Work to be completed ▸
Give back only the lines in the records below from the one with "Rep (swap_proc x y P)" to the one with "-> alpha P R", both inclusive, word for word.

Dataset records ▸
Lemma sum_ge_term (f : nat -> R) l i :
  (forall j, 0 <= f j) -> In i l -> f i <= fold_right Rplus 0 (map f l).
Proof.
  intros Hf. induction l as [|a l IH]; simpl; intros Hi; [contradiction|].
  destruct Hi as [<-|Hi].
  - pose proof (sum_nonneg f l Hf). lra.
  - specialize (IH Hi). specialize (Hf a). lra.
Qed.

Lemma sum_le_const (f : nat -> R) l c :
  (forall j, In j l -> f j <= c) -> fold_right Rplus 0 (map f l) <= INR (length l) * c.
Proof.
  induction l as [|a l IH]; intros Hf; simpl map; simpl fold_right; [simpl; lra|].
  change (length (a :: l)) with (S (length l)). rewrite S_INR.
  assert (f a <= c) by (apply Hf; left; reflexivity).
  assert (fold_right Rplus 0 (map f l) <= INR (length l) * c)
    by (apply IH; intros j Hj; apply Hf; right; exact Hj).
  lra.
Qed.

Section Euclidean.

Variable d : nat.

Definition tends_to (u : nat -> pt d) (x : pt d) : Prop :=
  forall eps, eps > 0 -> exists N, forall n, (N <= n)%nat -> dist (u n) x < eps.

Lemma dist_nonneg (a b : pt d) : 0 <= dist a b.
Proof. apply sqrt_pos. Qed.

Lemma coord_le_dist (a b : pt d) i :
  (i < d)%nat -> Rabs (coord a i - coord b i) <= dist a b.
Proof.
  intros Hi. unfold dist. rewrite <- sqrt_Rsqr_abs. apply sqrt_le_1_alt.
  apply (sum_ge_term (fun j => Rsqr (coord a j - coord b j))).
  - intros j. apply Rle_0_sqr.
  - apply in_seq. lia.
Qed.

Lemma pt_ext (a b : pt d) :
  (forall i, (i < d)%nat -> coord a i = coord b i) -> a = b.
Proof.
  destruct a as [fa Ha], b as [fb Hb]. unfold coord. simpl. intros Hab.
  assert (fa = fb) as <-.
  { apply functional_extensionality. intros i.
    destruct (Nat.lt_ge_cases i d); [auto|]. rewrite Ha, Hb; auto. }
  f_equal. apply proof_irrelevance.
Qed.
(* The labelled transition system of CPC is structurally image finite: for every CPC process $P$ and every label $\mu$, the set $\{P' : P\xrightarrow{\mu}P'\}$ contains only finitely many equivalence classes with respect to structural congruence $\equiv$.
   Context: Concurrent pattern calculus (CPC). Fix a countable set $\mathcal N$ of names. Patterns are $p ::= \lambda x \mid x \mid \ulcorner x\urcorner \mid p\bullet p$ (binding name, variable name, protected name, compound; $\bullet$ is left associative). ${\sf bn}(p)$, ${\sf vn}(p)$, ${\sf pn}(p)$ denote the sets of names occurring in $p$ as binding, variable and protected names, and ${\sf fn}(p)={\sf vn}(p)\cup{\sf pn}(p)$. A pattern is well formed if its binding names are pairwise distinct and distinct from its free names; all patterns are assumed well formed. A pattern is communicable if it contains no protected and no binding names; protection extends to communicable patterns by $\ulcorner p\bullet q\urcorner=\ulcorner p\urcorner\bullet\ulcorner q\urcorner$. A substitution is a partial function with finite domain from names to communicable patterns. On patterns: $\sigma x=\sigma(x)$ if $x\in{\sf dom}(\sigma)$ else $x$; $\sigma\ulcorner x\urcorner=\ulcorner\sigma(x)\urcorner$ if $x\in{\sf dom}(\sigma)$ else $\ulcorner x\urcorner$; $\sigma(\lambda x)=\lambda x$; $\sigma(p\bullet q)=\sigma p\bullet\sigma q$. Unification $\{p\,\|\,q\}$ is a pair of substitutions or undefined: $\{x\|x\}=\{x\|\ulcorner x\urcorner\}=\{\ulcorner x\urcorner\|x\}=\{\ulcorner x\urcorner\|\ulcorner x\urcorner\}=(\{\},\{\})$; $\{\lambda x\|q\}=(\{q/x\},\{\})$ if $q$ is communicable; $\{p\|\lambda x\}=(\{\},\{p/x\})$ if $p$ is communicable; $\{p_1\bullet p_2\|q_1\bullet q_2\}=(\sigma_1\cup\sigma_2,\rho_1\cup\rho_2)$ if $\{p_i\|q_i\}=(\sigma_i,\rho_i)$ for $i=1,2$; undefined otherwise. Processes: $P ::= 0 \mid P|P \mid\ !P \mid (\nu x)P \mid p\to P$ (the binding names of $p$ bind in $P$; ${\sf fn}(p\to P)={\sf fn}(p)\cup({\sf fn}(P)\setminus{\sf bn}(p))$; other free names as usual). Substitution on processes is capture avoiding (up to $\alpha$-conversion). Structural congruence $\equiv$ is the least congruence containing $\alpha$-conversion and $P|0\equiv P$, $P|Q\equiv Q|P$, $P|(Q|R)\equiv(P|Q)|R$, $(\nu n)0\equiv 0$, $(\nu n)(\nu m)P\equiv(\nu m)(\nu n)P$, $!P\equiv P|!P$, $P|(\nu n)Q\equiv(\nu n)(P|Q)$ if $n\notin{\sf fn}(P)$. Labelled transitions: labels $\mu::=\tau\mid(\nu\tilde n)p$. Rules (up to $\alpha$-conversion; parint and parext also have symmetric versions): case: $p\to P\xrightarrow{p}P$; resnon: $P\xrightarrow{\mu}P'$ implies $(\nu n)P\xrightarrow{\mu}(\nu n)P'$ if $n$ does not occur in $\mu$; open: $P\xrightarrow{(\nu\tilde n)p}P'$ implies $(\nu m)P\xrightarrow{(\nu\tilde n,m)p}P'$ if $m\in{\sf vn}(p)\setminus(\tilde n\cup{\sf pn}(p)\cup{\sf bn}(p))$; unify: $P\xrightarrow{(\nu\tilde m)p}P'$ and $Q\xrightarrow{(\nu\tilde n)q}Q'$ imply $P|Q\xrightarrow{\tau}(\nu\tilde m\tilde n)(\sigma P'|\rho Q')$ if $\{p\|q\}=(\sigma,\rho)$, $\tilde m\cap{\sf fn}(Q)=\tilde n\cap{\sf fn}(P)=\tilde m\cap\tilde n=\emptyset$; parint: $P\xrightarrow{\tau}P'$ implies $P|Q\xrightarrow{\tau}P'|Q$; parext: $P\xrightarrow{(\nu\tilde n)p}P'$ implies $P|Q\xrightarrow{(\nu\tilde n)p}P'|Q$ if $(\tilde n\cup{\sf bn}(p))\cap{\sf fn}(Q)=\emptyset$; rep: $!P|P\xrightarrow{\mu}P'$ implies $!P\xrightarrow{\mu}P'$. *)

From mathcomp Require Import all_boot.
Set Implicit Arguments.
Unset Strict Implicit.
Unset Printing Implicit Defensive.

Definition name := nat.

(* Patterns p ::= \x | x | 'x' | p . p *)
Inductive pat : Type :=
  | PBind of name
  | PVar of name
  | PProt of name
  | PComp of pat & pat.

Fixpoint bn (p : pat) : seq name :=
  match p with PBind x => [:: x] | PComp a b => bn a ++ bn b | _ => [::] end.
Fixpoint vn (p : pat) : seq name :=
  match p with PVar x => [:: x] | PComp a b => vn a ++ vn b | _ => [::] end.
Fixpoint pn (p : pat) : seq name :=
  match p with PProt x => [:: x] | PComp a b => pn a ++ pn b | _ => [::] end.
Definition fnp (p : pat) : seq name := vn p ++ pn p.
Definition pnames (p : pat) : seq name := bn p ++ fnp p.

Definition wf_pat (p : pat) : bool :=
  uniq (bn p) && all (fun x => x \notin fnp p) (bn p).

Definition communicable (p : pat) : bool := (bn p == [::]) && (pn p == [::]).

Fixpoint protect (p : pat) : pat :=
  match p with PVar x => PProt x | PComp a b => PComp (protect a) (protect b) | _ => p end.

(* Substitutions: finite partial maps from names to (communicable) patterns,
   represented as association lists (first binding wins). *)
Definition subst := seq (name * pat).

Fixpoint lookup (s : subst) (x : name) : option pat :=
  match s with
  | [::] => None
  | (y, t) :: s' => if x == y then Some t else lookup s' x
  end.

Fixpoint subst_pat (s : subst) (p : pat) : pat :=
  match p with
  | PVar x => if lookup s x is Some t then t else PVar x
  | PProt x => if lookup s x is Some t then protect t else PProt x
  | PBind x => PBind x
  | PComp a b => PComp (subst_pat s a) (subst_pat s b)
  end.

Fixpoint unify (p q : pat) : option (subst * subst) :=
  match p, q with
  | PBind x, _ => if communicable q then Some ([:: (x, q)], [::]) else None
  | _, PBind y => if communicable p then Some ([::], [:: (y, p)]) else None
  | PComp p1 p2, PComp q1 q2 =>
      match unify p1 q1, unify p2 q2 with
      | Some (s1, r1), Some (s2, r2) => Some (s1 ++ s2, r1 ++ r2)
      | _, _ => None
      end
  | (PVar x | PProt x), (PVar y | PProt y) =>
      if x == y then Some ([::], [::]) else None
  | _, _ => None
  end.

Inductive proc : Type :=
  | Nil
  | Par of proc & proc
  | Rep of proc
  | Res of name & proc
  | Case of pat & proc.

Fixpoint fn (P : proc) : seq name :=
  match P with
  | Nil => [::]
  | Par P Q => fn P ++ fn Q
  | Rep P => fn P
  | Res x P => [seq y <- fn P | y != x]
  | Case p P => fnp p ++ [seq y <- fn P | y \notin bn p]
  end.

Fixpoint bnames (P : proc) : seq name :=
  match P with
  | Nil => [::]
  | Par P Q => bnames P ++ bnames Q
  | Rep P => bnames P
  | Res x P => x :: bnames P
  | Case p P => bn p ++ bnames P
  end.

Fixpoint wf_proc (P : proc) : bool :=
  match P with
  | Nil => true
  | Par P Q => wf_proc P && wf_proc Q
  | Rep P => wf_proc P
  | Res _ P => wf_proc P
  | Case p P => wf_pat p && wf_proc P
  end.

Definition swap_name (x y n : name) : name :=
  if n == x then y else if n == y then x else n.

Fixpoint swap_pat (x y : name) (p : pat) : pat :=
  match p with
  | PBind n => PBind (swap_name x y n)
  | PVar n => PVar (swap_name x y n)
  | PProt n => PProt (swap_name x y n)
  | PComp a b => PComp (swap_pat x y a) (swap_pat x y b)
  end.

Fixpoint swap_proc (x y : name) (P : proc) : proc :=
  match P with
  | Nil => Nil
  | Par P Q => Par (swap_proc x y P) (swap_proc x y Q)
  | Rep P => Rep (swap_proc x y P)
  | Res n P => Res (swap_name x y n) (swap_proc x y P)
  | Case p P => Case (swap_pat x y p) (swap_proc x y P)
  end.

Inductive alpha : proc -> proc -> Prop :=
  | a_refl P : alpha P P
  | a_sym P Q : alpha P Q -> alpha Q P
  | a_trans P Q R : alpha P Q -> alpha Q R -> alpha P R
  | a_par P P' Q Q' : alpha P P' -> alpha Q Q' -> alpha (Par P Q) (Par P' Q')
  | a_rep P P' : alpha P P' -> alpha (Rep P) (Rep P')
  | a_res x P P' : alpha P P' -> alpha (Res x P) (Res x P')
  | a_case p P P' : alpha P P' -> alpha (Case p P) (Case p P')
  | a_res_ren x y P : y \notin fn (Res x P) ->
      alpha (Res x P) (Res y (swap_proc x y P))
  | a_case_ren p P x y : x \in bn p -> x \notin fnp p -> y \notin fn (Case p P) ->
      alpha (Case p P) (Case (swap_pat x y p) (swap_proc x y P)).

Inductive scong : proc -> proc -> Prop :=
  | s_refl P : scong P P
  | s_sym P Q : scong P Q -> scong Q P
  | s_trans P Q R : scong P Q -> scong Q R -> scong P R
  | s_par P P' Q Q' : scong P P' -> scong Q Q' -> scong (Par P Q) (Par P' Q')
  | s_rep P P' : scong P P' -> scong (Rep P) (Rep P')
  | s_res x P P' : scong P P' -> scong (Res x P) (Res x P')
  | s_case p P P' : scong P P' -> scong (Case p P) (Case p P')
  | s_alpha P Q : alpha P Q -> scong P Q
  | s_par0 P : scong (Par P Nil) P
  | s_parC P Q : scong (Par P Q) (Par Q P)
  | s_parA P Q R : scong (Par P (Par Q R)) (Par (Par P Q) R)
  | s_res0 n : scong (Res n Nil) Nil
  | s_resC n m P : scong (Res n (Res m P)) (Res m (Res n P))
  | s_repU P : scong (Rep P) (Par P (Rep P))
  | s_extr P n Q : n \notin fn P -> scong (Par P (Res n Q)) (Res n (Par P Q)).

(* Naive substitution on processes (bound names are removed from the
   substitution's domain); it is capture avoiding under [safe]. *)
Definition remove_dom (s : subst) (xs : seq name) : subst :=
  [seq e <- s | e.1 \notin xs].

Fixpoint psubst (s : subst) (P : proc) : proc :=
  match P with
  | Nil => Nil
  | Par P Q => Par (psubst s P) (psubst s Q)
  | Rep P => Rep (psubst s P)
  | Res x P => Res x (psubst (remove_dom s [:: x]) P)
  | Case p P => Case (subst_pat s p) (psubst (remove_dom s (bn p)) P)
  end.

Definition safe (s : subst) (P : proc) : bool :=
  all (fun b => all (fun e => b \notin pnames e.2) s) (bnames P).

Definition disj (a b : seq name) : bool := all (fun x => x \notin b) a.

Definition res_seq (ns : seq name) (P : proc) : proc := foldr Res P ns.

Inductive label : Type :=
  | Tau
  | Out of seq name & pat.

Definition label_names (mu : label) : seq name :=
  match mu with Tau => [::] | Out ns p => ns ++ pnames p end.

(* Capture
   avoiding substitution sigma P' in rule unify is realised as the naive
   substitution on a suitable alpha-variant of P' (choosable via t_alpha). *)
Inductive trans : proc -> label -> proc -> Prop :=
  | t_alpha P P0 mu P1 P2 :
      alpha P P0 -> trans P0 mu P1 -> alpha P1 P2 -> trans P mu P2
  | t_case p P : trans (Case p P) (Out [::] p) P
  | t_resnon n P mu P' :
      trans P mu P' -> n \notin label_names mu -> trans (Res n P) mu (Res n P')
  | t_open m P ns p P' :
      trans P (Out ns p) P' ->
      m \in vn p -> m \notin ns -> m \notin pn p -> m \notin bn p ->
      trans (Res m P) (Out (rcons ns m) p) P'
  | t_unify P Q ms ns p q P' Q' s r :
      trans P (Out ms p) P' -> trans Q (Out ns q) Q' ->
      unify p q = Some (s, r) ->
      disj ms (fn Q) -> disj ns (fn P) -> disj ms ns ->
      safe s P' -> safe r Q' ->
      trans (Par P Q) Tau (res_seq (ms ++ ns) (Par (psubst s P') (psubst r Q')))
  | t_parint_l P Q P' : trans P Tau P' -> trans (Par P Q) Tau (Par P' Q)
  | t_parint_r P Q Q' : trans Q Tau Q' -> trans (Par P Q) Tau (Par P Q')
  | t_parext_l P Q ns p P' :
      trans P (Out ns p) P' -> disj (ns ++ bn p) (fn Q) ->
      trans (Par P Q) (Out ns p) (Par P' Q)
  | t_parext_r P Q ns p Q' :
      trans Q (Out ns p) Q' -> disj (ns ++ bn p) (fn P) ->
      trans (Par P Q) (Out ns p) (Par P Q')
  | t_rep P mu P' : trans (Par (Rep P) P) mu P' -> trans (Rep P) mu P'.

Result of the exercise ▸
  | Rep P => Rep (swap_proc x y P)
  | Res n P => Res (swap_name x y n) (swap_proc x y P)
  | Case p P => Case (swap_pat x y p) (swap_proc x y P)
  end.

Inductive alpha : proc -> proc -> Prop :=
  | a_refl P : alpha P P
  | a_sym P Q : alpha P Q -> alpha Q P
  | a_trans P Q R : alpha P Q -> alpha Q R -> alpha P R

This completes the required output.